=== Task to carry out ===
Range to reproduce from the entries below: the line with "assert (Hm : Icc a b (- M)).", the line with "enough (- M + e <= - M) by lra.", and every line in between. Give them exactly and give nothing else.

=== Material provided ===
◇ ◇ ◇
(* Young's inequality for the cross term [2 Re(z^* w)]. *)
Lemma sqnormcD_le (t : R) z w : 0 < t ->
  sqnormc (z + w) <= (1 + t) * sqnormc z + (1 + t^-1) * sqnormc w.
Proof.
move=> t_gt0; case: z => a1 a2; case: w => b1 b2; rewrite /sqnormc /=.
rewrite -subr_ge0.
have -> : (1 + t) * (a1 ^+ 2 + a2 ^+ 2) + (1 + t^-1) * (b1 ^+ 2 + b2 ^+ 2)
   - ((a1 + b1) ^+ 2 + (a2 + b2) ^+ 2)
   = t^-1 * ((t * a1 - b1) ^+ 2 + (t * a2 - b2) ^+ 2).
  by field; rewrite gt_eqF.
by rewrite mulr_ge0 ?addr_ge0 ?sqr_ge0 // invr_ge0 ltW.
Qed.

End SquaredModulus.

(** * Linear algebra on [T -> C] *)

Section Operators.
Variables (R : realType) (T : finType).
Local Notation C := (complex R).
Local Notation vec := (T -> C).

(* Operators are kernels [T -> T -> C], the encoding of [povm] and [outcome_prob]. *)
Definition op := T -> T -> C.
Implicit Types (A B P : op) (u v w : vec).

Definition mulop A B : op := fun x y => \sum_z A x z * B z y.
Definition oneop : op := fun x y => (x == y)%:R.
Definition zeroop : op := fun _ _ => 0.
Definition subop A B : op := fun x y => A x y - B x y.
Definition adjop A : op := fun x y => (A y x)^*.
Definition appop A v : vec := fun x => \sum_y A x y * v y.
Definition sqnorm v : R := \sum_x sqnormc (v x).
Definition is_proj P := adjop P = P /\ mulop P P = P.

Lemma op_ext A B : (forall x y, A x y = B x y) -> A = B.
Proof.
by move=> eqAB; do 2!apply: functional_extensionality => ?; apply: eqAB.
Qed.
◇ ◇ ◇
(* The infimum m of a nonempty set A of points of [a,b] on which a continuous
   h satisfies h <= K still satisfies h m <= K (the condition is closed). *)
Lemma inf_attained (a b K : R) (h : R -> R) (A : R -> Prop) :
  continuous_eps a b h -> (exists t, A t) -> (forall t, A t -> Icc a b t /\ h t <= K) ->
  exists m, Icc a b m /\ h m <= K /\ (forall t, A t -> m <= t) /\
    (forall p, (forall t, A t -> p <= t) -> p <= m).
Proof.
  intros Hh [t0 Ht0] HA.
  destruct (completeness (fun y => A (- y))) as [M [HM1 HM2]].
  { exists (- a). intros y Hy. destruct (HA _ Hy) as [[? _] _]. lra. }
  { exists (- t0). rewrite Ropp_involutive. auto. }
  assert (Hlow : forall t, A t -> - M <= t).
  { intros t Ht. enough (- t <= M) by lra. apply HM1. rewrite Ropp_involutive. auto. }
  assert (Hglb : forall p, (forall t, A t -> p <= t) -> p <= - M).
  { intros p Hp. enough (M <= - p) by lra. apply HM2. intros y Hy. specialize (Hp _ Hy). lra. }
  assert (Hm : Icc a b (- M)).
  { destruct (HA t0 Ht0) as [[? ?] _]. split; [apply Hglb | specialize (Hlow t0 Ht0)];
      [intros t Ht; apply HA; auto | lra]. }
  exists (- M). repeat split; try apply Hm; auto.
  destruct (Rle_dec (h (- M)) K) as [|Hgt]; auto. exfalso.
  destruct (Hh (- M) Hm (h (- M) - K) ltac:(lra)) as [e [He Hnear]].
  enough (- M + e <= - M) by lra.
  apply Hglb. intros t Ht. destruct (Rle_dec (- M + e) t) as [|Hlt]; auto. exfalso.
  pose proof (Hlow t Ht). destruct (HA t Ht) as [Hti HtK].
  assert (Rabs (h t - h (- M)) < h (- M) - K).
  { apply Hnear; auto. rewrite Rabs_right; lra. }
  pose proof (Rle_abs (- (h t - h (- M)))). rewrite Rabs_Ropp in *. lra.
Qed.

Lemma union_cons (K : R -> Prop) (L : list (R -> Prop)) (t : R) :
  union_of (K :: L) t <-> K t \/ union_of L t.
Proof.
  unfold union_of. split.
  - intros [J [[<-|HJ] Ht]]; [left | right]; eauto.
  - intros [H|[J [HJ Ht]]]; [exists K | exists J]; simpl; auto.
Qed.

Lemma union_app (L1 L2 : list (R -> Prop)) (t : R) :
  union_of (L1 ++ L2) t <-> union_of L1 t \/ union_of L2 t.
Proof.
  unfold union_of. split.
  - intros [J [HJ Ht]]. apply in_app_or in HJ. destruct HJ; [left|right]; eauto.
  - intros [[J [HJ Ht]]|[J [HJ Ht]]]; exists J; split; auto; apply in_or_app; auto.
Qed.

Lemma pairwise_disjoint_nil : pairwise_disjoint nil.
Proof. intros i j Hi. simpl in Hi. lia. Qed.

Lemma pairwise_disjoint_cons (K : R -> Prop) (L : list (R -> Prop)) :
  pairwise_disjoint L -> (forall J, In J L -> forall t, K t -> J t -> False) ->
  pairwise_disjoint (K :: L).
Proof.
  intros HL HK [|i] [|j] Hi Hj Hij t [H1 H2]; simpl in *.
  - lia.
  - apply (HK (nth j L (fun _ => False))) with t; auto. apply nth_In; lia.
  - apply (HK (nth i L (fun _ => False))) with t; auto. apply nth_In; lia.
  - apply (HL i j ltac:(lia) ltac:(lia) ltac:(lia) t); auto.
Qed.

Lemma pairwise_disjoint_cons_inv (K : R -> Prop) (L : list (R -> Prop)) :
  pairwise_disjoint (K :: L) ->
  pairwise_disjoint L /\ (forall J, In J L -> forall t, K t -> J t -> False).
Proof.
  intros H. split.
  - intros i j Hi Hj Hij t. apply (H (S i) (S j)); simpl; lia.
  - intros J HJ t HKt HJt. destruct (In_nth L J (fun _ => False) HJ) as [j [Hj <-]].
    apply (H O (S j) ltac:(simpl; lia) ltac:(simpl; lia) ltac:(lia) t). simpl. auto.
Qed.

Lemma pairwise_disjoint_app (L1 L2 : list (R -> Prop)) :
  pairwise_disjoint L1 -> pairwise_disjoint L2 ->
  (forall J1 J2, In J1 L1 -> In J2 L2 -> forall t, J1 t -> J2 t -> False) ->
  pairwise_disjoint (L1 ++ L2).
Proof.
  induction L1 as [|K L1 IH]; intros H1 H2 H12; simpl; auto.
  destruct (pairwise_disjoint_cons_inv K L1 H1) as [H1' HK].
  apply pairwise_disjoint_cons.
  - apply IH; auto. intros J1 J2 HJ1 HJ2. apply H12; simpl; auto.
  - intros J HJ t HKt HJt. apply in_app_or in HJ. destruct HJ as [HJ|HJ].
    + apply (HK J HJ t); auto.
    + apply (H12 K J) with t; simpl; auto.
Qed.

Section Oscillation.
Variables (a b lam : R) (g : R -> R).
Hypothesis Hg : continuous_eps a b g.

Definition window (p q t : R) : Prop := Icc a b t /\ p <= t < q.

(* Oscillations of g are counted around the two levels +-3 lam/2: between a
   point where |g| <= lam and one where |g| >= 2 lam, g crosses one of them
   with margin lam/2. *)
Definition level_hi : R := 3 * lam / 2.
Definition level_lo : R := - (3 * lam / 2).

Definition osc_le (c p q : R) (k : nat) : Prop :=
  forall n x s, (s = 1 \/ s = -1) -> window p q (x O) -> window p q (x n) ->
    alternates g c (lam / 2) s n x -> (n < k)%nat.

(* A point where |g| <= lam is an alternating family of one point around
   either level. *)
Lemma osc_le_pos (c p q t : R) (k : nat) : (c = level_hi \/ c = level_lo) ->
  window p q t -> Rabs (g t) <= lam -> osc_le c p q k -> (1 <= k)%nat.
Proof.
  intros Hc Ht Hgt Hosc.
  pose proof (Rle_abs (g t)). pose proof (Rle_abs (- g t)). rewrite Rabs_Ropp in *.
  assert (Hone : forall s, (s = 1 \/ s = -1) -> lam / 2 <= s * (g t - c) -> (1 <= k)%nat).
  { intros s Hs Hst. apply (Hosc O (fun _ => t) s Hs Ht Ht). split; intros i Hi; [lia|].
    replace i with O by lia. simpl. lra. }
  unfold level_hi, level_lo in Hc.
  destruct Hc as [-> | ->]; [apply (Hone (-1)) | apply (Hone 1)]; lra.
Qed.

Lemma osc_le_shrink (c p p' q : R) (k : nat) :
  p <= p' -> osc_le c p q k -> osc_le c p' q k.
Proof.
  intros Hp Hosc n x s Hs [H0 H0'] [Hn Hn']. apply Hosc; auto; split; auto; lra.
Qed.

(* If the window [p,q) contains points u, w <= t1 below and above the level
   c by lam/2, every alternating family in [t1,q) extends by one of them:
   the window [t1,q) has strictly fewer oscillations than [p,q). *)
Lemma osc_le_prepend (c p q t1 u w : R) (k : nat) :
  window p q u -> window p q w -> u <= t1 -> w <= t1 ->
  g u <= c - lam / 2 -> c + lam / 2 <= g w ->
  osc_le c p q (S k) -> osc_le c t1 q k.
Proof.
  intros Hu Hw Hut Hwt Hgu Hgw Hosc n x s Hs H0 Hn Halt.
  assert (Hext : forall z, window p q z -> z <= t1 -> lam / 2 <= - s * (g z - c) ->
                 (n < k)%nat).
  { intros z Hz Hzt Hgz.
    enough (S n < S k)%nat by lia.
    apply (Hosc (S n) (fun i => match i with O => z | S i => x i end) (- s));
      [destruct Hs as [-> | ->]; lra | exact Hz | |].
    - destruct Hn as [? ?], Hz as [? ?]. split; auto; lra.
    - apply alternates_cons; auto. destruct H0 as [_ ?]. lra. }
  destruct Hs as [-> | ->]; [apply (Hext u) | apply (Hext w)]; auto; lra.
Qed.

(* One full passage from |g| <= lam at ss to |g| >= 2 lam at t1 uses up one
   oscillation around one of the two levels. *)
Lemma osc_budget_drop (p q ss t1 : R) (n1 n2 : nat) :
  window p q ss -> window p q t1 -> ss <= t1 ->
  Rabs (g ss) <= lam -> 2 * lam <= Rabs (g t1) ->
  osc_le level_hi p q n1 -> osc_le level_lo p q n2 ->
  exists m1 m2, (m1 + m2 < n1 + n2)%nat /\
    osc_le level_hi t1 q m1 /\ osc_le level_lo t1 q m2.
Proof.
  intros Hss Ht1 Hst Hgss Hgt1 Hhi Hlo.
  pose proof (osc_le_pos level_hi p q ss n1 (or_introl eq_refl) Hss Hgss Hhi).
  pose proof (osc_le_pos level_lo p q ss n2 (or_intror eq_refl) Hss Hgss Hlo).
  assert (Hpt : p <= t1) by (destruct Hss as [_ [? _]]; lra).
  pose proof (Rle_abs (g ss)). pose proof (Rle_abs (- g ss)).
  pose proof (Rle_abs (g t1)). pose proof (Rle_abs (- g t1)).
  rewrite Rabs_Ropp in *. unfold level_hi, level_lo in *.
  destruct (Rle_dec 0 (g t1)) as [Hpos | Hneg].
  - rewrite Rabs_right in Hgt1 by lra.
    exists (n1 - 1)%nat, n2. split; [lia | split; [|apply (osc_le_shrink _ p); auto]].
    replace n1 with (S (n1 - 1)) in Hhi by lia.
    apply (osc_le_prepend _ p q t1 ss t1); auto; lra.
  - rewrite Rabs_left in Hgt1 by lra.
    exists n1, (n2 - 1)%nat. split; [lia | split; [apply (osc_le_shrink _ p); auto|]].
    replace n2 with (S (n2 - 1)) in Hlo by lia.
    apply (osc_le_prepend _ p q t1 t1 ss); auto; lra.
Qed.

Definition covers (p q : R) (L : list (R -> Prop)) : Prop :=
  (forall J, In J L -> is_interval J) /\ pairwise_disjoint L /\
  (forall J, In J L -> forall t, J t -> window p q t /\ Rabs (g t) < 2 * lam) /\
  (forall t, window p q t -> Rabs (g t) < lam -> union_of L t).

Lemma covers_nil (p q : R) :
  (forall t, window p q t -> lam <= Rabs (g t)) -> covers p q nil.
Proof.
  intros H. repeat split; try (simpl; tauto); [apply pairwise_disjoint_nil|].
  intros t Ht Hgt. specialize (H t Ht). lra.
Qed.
◇ ◇ ◇
=== Solved problem ===
  assert (Hm : Icc a b (- M)).
  { destruct (HA t0 Ht0) as [[? ?] _]. split; [apply Hglb | specialize (Hlow t0 Ht0)];
      [intros t Ht; apply HA; auto | lra]. }
  exists (- M). repeat split; try apply Hm; auto.
  destruct (Rle_dec (h (- M)) K) as [|Hgt]; auto. exfalso.
  destruct (Hh (- M) Hm (h (- M) - K) ltac:(lra)) as [e [He Hnear]].
  enough (- M + e <= - M) by lra.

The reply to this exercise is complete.